(The data)
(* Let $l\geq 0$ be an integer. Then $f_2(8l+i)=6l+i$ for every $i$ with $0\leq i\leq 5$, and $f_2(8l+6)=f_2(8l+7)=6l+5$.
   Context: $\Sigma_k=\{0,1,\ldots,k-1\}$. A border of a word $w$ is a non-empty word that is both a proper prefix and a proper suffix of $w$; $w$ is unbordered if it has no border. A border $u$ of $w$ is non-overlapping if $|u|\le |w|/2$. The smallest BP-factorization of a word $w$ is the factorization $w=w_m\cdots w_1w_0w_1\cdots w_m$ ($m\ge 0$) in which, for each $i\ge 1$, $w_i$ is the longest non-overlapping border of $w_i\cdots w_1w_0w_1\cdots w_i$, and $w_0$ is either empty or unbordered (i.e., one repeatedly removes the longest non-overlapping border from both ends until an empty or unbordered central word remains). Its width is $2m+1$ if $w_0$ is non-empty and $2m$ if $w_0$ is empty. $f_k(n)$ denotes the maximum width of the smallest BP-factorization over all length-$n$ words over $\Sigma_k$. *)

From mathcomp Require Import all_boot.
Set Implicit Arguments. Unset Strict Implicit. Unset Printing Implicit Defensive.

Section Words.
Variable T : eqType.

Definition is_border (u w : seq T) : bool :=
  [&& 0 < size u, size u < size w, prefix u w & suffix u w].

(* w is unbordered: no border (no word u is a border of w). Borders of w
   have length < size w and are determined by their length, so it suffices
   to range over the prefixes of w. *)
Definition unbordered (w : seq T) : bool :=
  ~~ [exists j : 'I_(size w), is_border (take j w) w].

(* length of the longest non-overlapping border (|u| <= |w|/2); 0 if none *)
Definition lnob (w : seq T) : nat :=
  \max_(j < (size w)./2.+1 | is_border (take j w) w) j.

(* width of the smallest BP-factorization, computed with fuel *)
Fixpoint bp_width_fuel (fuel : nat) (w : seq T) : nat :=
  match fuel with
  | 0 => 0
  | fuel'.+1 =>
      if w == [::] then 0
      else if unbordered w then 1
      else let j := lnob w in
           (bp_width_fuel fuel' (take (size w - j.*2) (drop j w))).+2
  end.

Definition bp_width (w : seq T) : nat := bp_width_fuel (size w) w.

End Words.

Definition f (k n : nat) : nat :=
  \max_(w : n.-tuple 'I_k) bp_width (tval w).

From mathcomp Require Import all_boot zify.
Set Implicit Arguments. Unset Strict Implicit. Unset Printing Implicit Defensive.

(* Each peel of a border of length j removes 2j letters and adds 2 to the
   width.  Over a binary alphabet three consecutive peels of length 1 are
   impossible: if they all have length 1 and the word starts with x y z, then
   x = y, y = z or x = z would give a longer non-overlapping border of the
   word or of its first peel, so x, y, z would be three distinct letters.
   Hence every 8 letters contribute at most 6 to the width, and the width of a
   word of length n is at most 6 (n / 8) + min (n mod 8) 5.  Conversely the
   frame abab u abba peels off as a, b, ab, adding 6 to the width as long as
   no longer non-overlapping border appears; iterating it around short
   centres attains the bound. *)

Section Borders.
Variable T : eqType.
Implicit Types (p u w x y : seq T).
(End The data)
## Directions
Find all the lines containing "longer" in the material, then copy them.

## Your solution
   x = y, y = z or x = z would give a longer non-overlapping border of the
   no longer non-overlapping border appears; iterating it around short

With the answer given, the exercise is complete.